4.3 UniProt similar genes clusters

The function getUniProtSimilarGenes allows to retrieve clusters of genes with 100%, 90% or 50% identity with the provided identifier. Let us try with UniProt gene Q2A799 and 100% identity:

getUniProtSimilarGenes('Q2A799', clusterIdentity = '1.0')
## [[1]]
## [1] "B0BL11"     "A0A344X7M9" "B7VEQ9"

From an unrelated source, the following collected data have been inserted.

(* Let $SS=(S(a_i))_{i\ge1}$ be a system of grids without multiple zeroes, let $n\ge1$, $q\ge0$ be integers, and let $\alpha=\sum_{i=1}^n 1/a_i$ be the density of zeroes of an $n$-filling of the first $n$ grids having no zero of multiplicity greater than one; assume $0<\alpha<1$. Then $$msr_n(q)\;<\;\frac{n+q}{1-\alpha}+1,$$ and this majorant is unimprovable.
   Context: A grid $S(a)$ of module $a\in\mathbb N$, $a\ge1$, with shift $k\in\mathbb Z$ is the sequence $(l_j)_{j\in\mathbb Z}$ with $l_j=0$ iff $j\equiv k\pmod a$ and $l_j=1$ otherwise. The product of grids is the elementwise logical AND. An $n$-filling with modules $a_1,\dots,a_n$ is a product of grids $S(a_1),\dots,S(a_n)$ (arbitrary shifts) such that omitting any one grid changes the product. A system of grids is an infinite sequence of grids with nondecreasing modules such that for each $n$ the first $n$ grids form an $n$-filling. A zero of a filling at position $j$ has multiplicity $k$ if exactly $k$ of the generating grids have a zero at $j$. A system is without multiple zeroes if for every $n$ there is an $n$-filling of its first $n$ grids in which every zero has multiplicity $1$. A $q$-series is a segment between positions $i<k$ with $l_i=l_k=1$ and exactly $q$ ones strictly between them; its length is $k-i$. $msr_n(q)$ is the supremum over all $n$-fillings with modules $a_1,\dots,a_n$ (all shifts) of the largest length of a $q$-series. *)

From HB Require Import structures.
From mathcomp Require Import all_boot all_order all_algebra.
From mathcomp Require Import all_classical all_reals ereal.
Set Implicit Arguments. Unset Strict Implicit. Unset Printing Implicit Defensive.
Import Order.TTheory GRing.Theory Num.Theory.
Local Open Scope ring_scope.
Local Open Scope classical_set_scope.

(* Grids are indexed from 0: grid number i+1 of the paper is index i.
   [a : nat -> nat] gives the modules, [k : nat -> int] the shifts. *)
Definition grid_zero (m : nat) (s j : int) : bool := (j == s %[mod m%:Z])%Z.

Definition prodg (n : nat) (a : nat -> nat) (k : nat -> int) (j : int) : bool :=
  [forall i : 'I_n, ~~ grid_zero (a i) (k i) j].

Definition prodg_omit (n : nat) (a : nat -> nat) (k : nat -> int) (i : 'I_n) (j : int) : bool :=
  [forall m : 'I_n, (m != i) ==> ~~ grid_zero (a m) (k m) j].

Definition is_filling (n : nat) (a : nat -> nat) (k : nat -> int) : Prop :=
  forall i : 'I_n, exists j : int, prodg_omit a k i j != prodg n a k j.

Definition multiplicity (n : nat) (a : nat -> nat) (k : nat -> int) (j : int) : nat :=
  #|[set i : 'I_n | grid_zero (a i) (k i) j]|.

Definition grid_system (a : nat -> nat) (k : nat -> int) : Prop :=
  [/\ forall i, (1 <= a i)%N,
      forall i, (a i <= a i.+1)%N &
      forall n, is_filling n a k].

Definition no_multiple_zeroes (a : nat -> nat) : Prop :=
  forall n : nat, exists k : nat -> int,
    is_filling n a k /\
    forall j : int, ~~ prodg n a k j -> multiplicity n a k j = 1%N.

Definition is_qseries (l : int -> bool) (q : nat) (i : int) (len : nat) : Prop :=
  [/\ (0 < len)%N, l i, l (i + len%:Z) &
      count (fun t : nat => l (i + t%:Z)) (iota 1 len.-1) = q].

Definition msr (R : realType) (n : nat) (a : nat -> nat) (q : nat) : \bar R :=
  ereal_sup [set (len%:R)%:E | len in
    [set len : nat | exists k : nat -> int, is_filling n a k /\
                     exists i : int, is_qseries (prodg n a k) q i len]].

Definition alpha (R : realType) (n : nat) (a : nat -> nat) : R :=
  \sum_(i < n) ((a i)%:R)^-1.

Definition msr_bound (R : realType) (n : nat) (a : nat -> nat) (q : nat) : R :=
  (n + q)%:R / (1 - alpha R n a) + 1.

From HB Require Import structures.
From mathcomp Require Import all_boot all_order all_algebra.
From mathcomp Require Import all_classical all_reals ereal.
From mathcomp Require Import zify ring lra.
Import Order.TTheory GRing.Theory Num.Theory.

(* Upper bound: the L-1 interior positions of a q-series of length L contain
   q ones, so L-1-q of them are zeroes of the product, each a zero of some
   grid.  Zeroes of S(a) are a apart, so S(a) has at most (L-2)/a + 1 of them
   there; summing, L-1-q <= (L-2) alpha + n, i.e.
   (L-1)(1-alpha) <= n+q-alpha < n+q.
   Sharpness: the modules 2^(c+1), ..., 2^(c+n), ... with shifts
   2^c, ..., 2^(c+n-1), ... have pairwise disjoint zero sets, hence form a
   system without multiple zeroes, and alpha <= n/c.  Shifting the first n
   grids to put their zeroes at 1, ..., n gives (for c > n+q+1) a q-series
   from 0 to n+q+1, and (n+q)/(1-alpha) + 1 tends to n+q+1 as c grows. *)

Local Open Scope nat_scope.

Section SeparatedCount.

Variables (P : pred nat) (d : nat).
Hypothesis P_separated : forall t u, P t -> 0 < u < d -> ~~ P (t + u).

Lemma count_separated_gap k r : P k -> r < d -> count P (iota k.+1 r) = 0.
Proof.
move=> Pk rd; rewrite (@eq_in_count _ _ pred0) ?count_pred0 // => t.
rewrite mem_iota => t_range /=; apply/negbTE.
have -> : t = k + (t - k) by lia.
by apply: P_separated => //; lia.
Qed.

Lemma count_separated_iota m k : 0 < d -> d * count P (iota k m) <= m + d - 1.
Proof.
move=> d_gt0; elim: m {-2}m (leqnn m) k => [|N IH] m m_le k.
  by rewrite (_ : m = 0) ?muln0 //; lia.
case: m m_le => [|m] m_le /=; first by rewrite muln0.
case Pk: (P k) => /=; last by have := IH m ltac:(lia) k.+1; lia.
have [m_lt|d_le] := ltnP m d; first by rewrite count_separated_gap //; lia.
have -> : m = d.-1 + (m - d.-1) by lia.
rewrite iotaD count_cat count_separated_gap //; last by lia.
have := IH (m - d.-1) ltac:(lia) (k.+1 + d.-1); lia.
Qed.

End SeparatedCount.

Lemma grid_zero_separated (a : nat) (s i0 : int) t u : 0 < a ->
  grid_zero a s (i0 + t%:Z) -> 0 < u < a -> ~~ grid_zero a s (i0 + (t + u)%:Z).
Proof.
move=> a_gt0; rewrite /grid_zero => /eqP zt /andP[u_gt0 u_lt]; apply/negP.
rewrite PoszD addrA -zt -[X in (_ == X %[mod _])%Z](addr0 (i0 + Posz t)%R) eqz_modDl.
rewrite modz_nat mod0z modn_small // => /eqP[u0].
by rewrite u0 in u_gt0.
Qed.

Lemma count_prodg_zero_le n a s (i0 : int) (r : seq nat) :
  count (fun t => ~~ prodg n a s (i0 + t%:Z)) r <=
  \sum_(i < n) count (fun t => grid_zero (a i) (s i) (i0 + t%:Z)) r.
Proof.
elim: r => [|x r IH] /=; first by rewrite big1.
rewrite big_split /= leq_add //.
have [//|/=] := boolP (prodg n a s (i0 + x%:Z)).
rewrite negb_forall => /existsP[i]; rewrite negbK => zi.
by rewrite (bigD1 i) //= zi.
Qed.

Local Open Scope ring_scope.

Lemma grid_zero_countR (R : realType) (a : nat) (s i0 : int) (j m : nat) : (0 < a)%N ->
  (count (fun t => grid_zero a s (i0 + t%:Z)) (iota j m))%:R <= (m%:R - 1) / a%:R + 1 :> R.
Proof.
move=> a_gt0; set c := count _ _.
have cle : (a * c <= m + a - 1)%N.
  by apply: count_separated_iota => // t u; exact: grid_zero_separated.
have a_gtR : (0 : R) < a%:R by rewrite ltr0n.
have cleR : c%:R * a%:R <= m%:R + a%:R - 1 :> R.
  by move: cle; rewrite -(ler_nat R) natrB ?natrM ?natrD 1?mulrC //; lia.
rewrite -(ler_pM2r a_gtR) mulrDl mulfVK ?gt_eqF //; lra.
Qed.

Lemma qseries_length_bound (R : realType) {n} {a : nat -> nat} {s q i0 L} :
  (forall i, (0 < a i)%N) -> is_qseries (prodg n a s) q i0 L ->
  (L.-1)%:R * (1 - alpha R n a) <= (n + q)%:R - alpha R n a.
Proof.
move=> a_gt0 [_ _ _ ones]; set m := L.-1 in ones *.
set z := fun i : 'I_n => count (fun t => grid_zero (a i) (s i) (i0 + t%:Z)) (iota 1 m).
have zeros : m%:R - q%:R <= \sum_(i < n) (z i)%:R :> R.
  have := count_predC (fun t => prodg n a s (i0 + t%:Z)) (iota 1 m).
  rewrite size_iota ones -natr_sum => <-.
  by rewrite natrD addrAC subrr add0r ler_nat count_prodg_zero_le.
have grids : \sum_(i < n) (z i)%:R <= (m%:R - 1) * alpha R n a + n%:R :> R.
  have grid_bound (i : 'I_n) (_ : true) := grid_zero_countR R (a i) (s i) i0 1 m (a_gt0 i).
  apply: le_trans (ler_sum _ grid_bound) _.
  by rewrite big_split /= sumr_const card_ord /alpha mulr_sumr.
rewrite natrD; lra.
Qed.

Lemma msr_lt_bound (R : realType) n (a : nat -> nat) q :
  (forall i, (0 < a i)%N) -> 0 < alpha R n a < 1 ->
  (msr R n a q < (msr_bound R n a q)%:E)%E.
Proof.
move=> a_gt0 /andP[alpha_gt0 alpha_lt1].
have gap_gt0 : 0 < 1 - alpha R n a by rewrite subr_gt0.
apply: (@le_lt_trans _ _ (((n + q)%:R - alpha R n a) / (1 - alpha R n a) + 1)%:E).
  apply: ge_ereal_sup => _ [L [s [_ [i0 series]]] <-]; rewrite lee_fin.
  have bound := qseries_length_bound R a_gt0 series.
  case: series => L_gt0 _ _ _.
  by rewrite -(prednK L_gt0) -addn1 natrD lerD2r ler_pdivlMr.
by rewrite lte_fin /msr_bound ltrD2r ltr_pM2r ?invr_gt0 // gtrBl.
Qed.

Lemma grid_zero_small (a t u : nat) : (t < a)%N -> (u < a)%N ->
  grid_zero a u t = (t == u).
Proof. by move=> t_lt u_lt; rewrite /grid_zero !modz_nat !modn_small. Qed.

Lemma filling_of_private_zeros n (a : nat -> nat) (s : nat -> int) :
  (forall i : 'I_n, exists j, grid_zero (a i) (s i) j /\
     forall m : 'I_n, m != i -> ~~ grid_zero (a m) (s m) j) ->
  is_filling n a s.
Proof.
move=> private i; have [j [zi others]] := private i; exists j.
have -> : prodg n a s j = false.
  by apply/negbTE; rewrite negb_forall; apply/existsP; exists i; rewrite negbK.
suff -> : prodg_omit a s i j by [].
by apply/forallP => m; apply/implyP; exact: others.
Qed.

(* The zeroes of S(2^(e+1)) with shift 2^e are the integers of 2-adic valuation e. *)
Lemma dyadic_grid_zero_inj {e f} {j : int} :
  grid_zero (2 ^ e.+1) (Posz (2 ^ e)) j -> grid_zero (2 ^ f.+1) (Posz (2 ^ f)) j -> e = f.
Proof.
wlog ef : e f / (e <= f)%N => [hwlog|].
  by have [/hwlog//|/ltnW/hwlog fe ze zf] := leqP e f; rewrite (fe zf ze).
move: ef; rewrite leq_eqVlt => /orP[/eqP//|ef].
rewrite /grid_zero !eqz_mod_dvd => ze zf.
have d1 : (Posz (2 ^ e.+1) %| Posz (2 ^ f.+1))%Z.
  by rewrite dvdzE; apply: dvdn_exp2l; exact: ltnW.
have d2 : (Posz (2 ^ e.+1) %| Posz (2 ^ f))%Z by rewrite dvdzE; apply: dvdn_exp2l.
have zj : (Posz (2 ^ e.+1) %| j)%Z.
  by rewrite -(subrK (Posz (2 ^ f)) j); apply: rpredD => //; exact: dvdz_trans d1 zf.
by have := rpredB zj ze; rewrite subKr dvdzE dvdn_Pexp2l // ltnn.
Qed.

Definition dyadic_module (c i : nat) : nat := 2 ^ (i + c).+1.
Definition dyadic_shift (c i : nat) : int := Posz (2 ^ (i + c)).
Definition consecutive_shift (i : nat) : int := Posz i.+1.

Section DyadicModules.

Variable c : nat.
Local Notation a := (dyadic_module c).

Lemma dyadic_module_gt i : (c < a i)%N.
Proof.
apply: leq_trans (ltn_expl c (isT : (1 < 2)%N)) _.
by rewrite /dyadic_module leq_pexp2l //; lia.
Qed.

Lemma dyadic_grid_zero_eq {m i j} : grid_zero (a m) (dyadic_shift c m) j ->
  grid_zero (a i) (dyadic_shift c i) j -> m = i.
Proof. by move=> zm zi; have := dyadic_grid_zero_inj zm zi; lia. Qed.

Lemma dyadic_filling n : is_filling n a (dyadic_shift c).
Proof.
apply: filling_of_private_zeros => i; exists (dyadic_shift c i).
have zi : grid_zero (a i) (dyadic_shift c i) (dyadic_shift c i) by rewrite /grid_zero.
split=> // m; apply: contra => zm; apply/eqP/val_inj; exact: dyadic_grid_zero_eq zm zi.
Qed.

Lemma dyadic_grid_system : grid_system a (dyadic_shift c).
Proof.
split=> [i|i|]; last exact: dyadic_filling.
  by rewrite expn_gt0.
by rewrite leq_pexp2l //; lia.
Qed.

Lemma dyadic_no_multiple_zeroes : no_multiple_zeroes a.
Proof.
move=> n; exists (dyadic_shift c); split=> [|j]; first exact: dyadic_filling.
rewrite /prodg negb_forall => /existsP[i]; rewrite negbK => zi.
rewrite /multiplicity -(cards1 i); apply: eq_card => m; rewrite !inE.
apply/idP/eqP => [|->]; rewrite inE //= => zm.
by apply: val_inj; exact: dyadic_grid_zero_eq zm zi.
Qed.

Lemma alpha_dyadic_mul_le (R : realType) n : alpha R n a * c%:R <= n%:R.
Proof.
have -> : n%:R = \sum_(i < n) 1 :> R by rewrite sumr_const card_ord.
rewrite /alpha mulr_suml.
apply: ler_sum => i _; have a_gt0 : (0 : R) < (a i)%:R by rewrite ltr0n expn_gt0.
by rewrite ler_pdivrMl // mulr1 ler_nat ltnW // dyadic_module_gt.
Qed.

Lemma alpha_dyadic_gt0 (R : realType) n : (1 <= n)%N -> 0 < alpha R n a.
Proof.
case: n => // n _; rewrite /alpha big_ord_recl ltr_pwDl ?invr_gt0 ?ltr0n ?expn_gt0 //.
by apply: sumr_ge0 => i _; rewrite invr_ge0.
Qed.

Variables n q : nat.
Hypothesis c_large : (n + q + 2 <= c)%N.

Lemma grid_zero_consecutive (m : 'I_n) (t : nat) : (t <= n + q + 1)%N ->
  grid_zero (a m) (consecutive_shift m) t = (t == m.+1).
Proof.
move=> t_le; have := dyadic_module_gt m; have := ltn_ord m.
by move=> m_lt c_lt; rewrite grid_zero_small //; lia.
Qed.

Lemma prodg_consecutive (t : nat) : (t <= n + q + 1)%N ->
  prodg n a consecutive_shift t = (t == 0)%N || (n < t)%N.
Proof.
move=> t_le; apply/forallP/idP => [nz|t_out m].
  have [//|t_gt0 /=] := posnP t; rewrite ltnNge; apply/negP => t_le_n.
  have t1_lt : (t.-1 < n)%N by lia.
  by have := nz (Ordinal t1_lt); rewrite grid_zero_consecutive //= => /eqP; lia.
have := ltn_ord m; rewrite grid_zero_consecutive // => m_lt; apply/eqP; lia.
Qed.

Lemma consecutive_filling : is_filling n a consecutive_shift.
Proof.
apply: filling_of_private_zeros => i; exists (consecutive_shift i); have := ltn_ord i.
split=> [|m mi]; first by rewrite grid_zero_consecutive //; lia.
rewrite grid_zero_consecutive; last by lia.
by apply: contra mi => /eqP[mi]; apply/eqP/val_inj.
Qed.

Lemma consecutive_qseries : is_qseries (prodg n a consecutive_shift) q 0 (n + q + 1).
Proof.
split; rewrite ?add0r ?prodg_consecutive ?addn1 //=; try lia.
rewrite iotaD count_cat (@eq_in_count _ _ pred0) => [|t]; last first.
  by rewrite mem_iota => t_range; rewrite add0r prodg_consecutive /=; lia.
rewrite count_pred0 (@eq_in_count _ _ predT) ?count_predT ?size_iota // => t.
by rewrite mem_iota => t_range; rewrite add0r prodg_consecutive /=; lia.
Qed.

Lemma msr_dyadic_ge (R : realType) : (((n + q + 1)%:R)%:E <= msr R n a q)%E.
Proof.
apply: ereal_sup_ubound; exists (n + q + 1)%N => //.
exists consecutive_shift; split; first exact: consecutive_filling.
by exists 0; exact: consecutive_qseries.
Qed.

End DyadicModules.

Lemma msr_bound_subr_lt (R : realType) n (a : nat -> nat) q (eps : R) :
  0 < eps -> 0 <= alpha R n a -> ((n + q)%:R + eps) * alpha R n a < eps ->
  msr_bound R n a q - eps < (n + q + 1)%:R.
Proof.
rewrite /msr_bound natrD; set N : R := (n + q)%:R; set A := alpha R n a.
move=> eps_gt0 A_ge0 small; have N_ge0 : 0 <= N by rewrite ler0n.
have gap_gt0 : 0 < 1 - A by nra.
suff : N / (1 - A) < N + eps by lra.
by rewrite ltr_pdivrMr //; nra.
Qed.

Lemma msr_bound_unimprovable (R : realType) (n q : nat) (eps : R) :
  (1 <= n)%N -> 0 < eps ->
  exists (a : nat -> nat) (s : nat -> int),
    [/\ grid_system a s, no_multiple_zeroes a, 0 < alpha R n a < 1 &
        ((msr_bound R n a q - eps)%:E < msr R n a q)%E].
Proof.
move=> n_ge1 eps_gt0; set N : R := (n + q)%:R.
have N_ge0 : 0 <= N by rewrite ler0n.
pose c := maxn (n + q + 2) (Num.bound ((N + eps) * n%:R / eps)).
have c_large : (n + q + 2 <= c)%N by rewrite leq_maxl.
have c_gt0 : (0 : R) < c%:R by rewrite ltr0n; lia.
have c_big : (N + eps) * n%:R < c%:R * eps.
  rewrite -ltr_pdivrMr //; apply: lt_le_trans (archi_boundP _) _.
    by rewrite divr_ge0 ?mulr_ge0 ?ler0n //; lra.
  by rewrite ler_nat leq_maxr.
have alpha_gt0 := alpha_dyadic_gt0 c R n n_ge1.
have alpha_small : (N + eps) * alpha R n (dyadic_module c) < eps.
  have := alpha_dyadic_mul_le c R n; nra.
exists (dyadic_module c), (dyadic_shift c); split.
- exact: dyadic_grid_system.
- exact: dyadic_no_multiple_zeroes.
- by rewrite alpha_gt0 /=; nra.
apply: lt_le_trans (@msr_dyadic_ge c n q c_large R); rewrite lte_fin.
by apply: msr_bound_subr_lt => //; exact: ltW.
Qed.

Theorem theorem3 (R : realType) :
  (forall (a : nat -> nat) (s : nat -> int) (n q : nat),
      grid_system a s -> no_multiple_zeroes a -> (1 <= n)%N ->
      0 < alpha R n a < 1 ->
      (msr R n a q < (msr_bound R n a q)%:E)%E)
  /\
  (forall (n q : nat) (eps : R), (1 <= n)%N -> 0 < eps ->
      exists (a : nat -> nat) (s : nat -> int),
        [/\ grid_system a s, no_multiple_zeroes a,
            0 < alpha R n a < 1 &
            ((msr_bound R n a q - eps)%:E < msr R n a q)%E]).
Proof.
split; last exact: msr_bound_unimprovable.
by move=> a s n q [a_gt0 _ _] _ _; exact: msr_lt_bound.
Qed.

We can use argument clusterNames to also retrieve the clusters names:

getUniProtSimilarGenes('Q2A799', clusterIdentity = '0.9')
## [[1]]
##  [1] "A0A173DQX0" "A0A1Y0BRE0" "Q8GKX3"     "A0A1S5SJJ9" "D7GKY5"    
##  [6] "A0A0U3BEI9" "A0A2V4FMD8" "D7GKY3"     "I3VI54"     "A0A023SG55"
## [11] "A0A1B2F089" "A0A344X7M9" "B7VEQ9"     "D6CJE1"     "D7GKZ1"    
## [16] "G1CSK5"     "A0A1W6F5I4" "A0A844NVA2" "A0AAI9KXE0" "B0BL11"    
## [21] "D0EW81"     "D7GKY7"     "Q1WLM9"     "Q9RGC2"     "A5LHV8"    
## [26] "Q0PRG2"     "U5NIQ3"     "A0A0U1PYJ5" "A0AAX0APK3" "C0JBE4"    
## [31] "C0LIL9"     "H6V565"     "A0A2S5T091" "D3VX06"     "D6CI36"    
## [36] "H2E8M2"     "A4KZ69"     "A0A5Q2V4N5" "D2KHP5"     "F1B1U0"


References

Alcock, B.P., Huynh, W., Chalil, R., Smith, K.W., Raphenya, A.R., Wlodarski, M.A., Edalatmand, A., Petkau, A., Syed, S.A., Tsang, K.K. & others. (2023). CARD 2023: Expanded curation, support for machine learning, and resistome prediction at the comprehensive antibiotic resistance database. Nucleic acids research, 51, D690–D699.
Carlson, M. & Ramos, M. (2022). UniProt.ws: R interface to UniProt web services.
Kanehisa, M. & Goto, S. (2000). KEGG: Kyoto encyclopedia of genes and genomes. Nucleic Acids Research, 28, 27–30. Retrieved from http://nar.oxfordjournals.org/content/28/1/27
Tenenbaum, D. & Maintainer, B.P. (2022). KEGGREST: Client-side REST access to the kyoto encyclopedia of genes and genomes (KEGG).
UniProt: The universal protein knowledgebase. (2017).Nucleic acids research, 45, D158–D169.
Winter, D.J. (2017). rentrez: An r package for the NCBI eUtils API. The R Journal, 9, 520–526.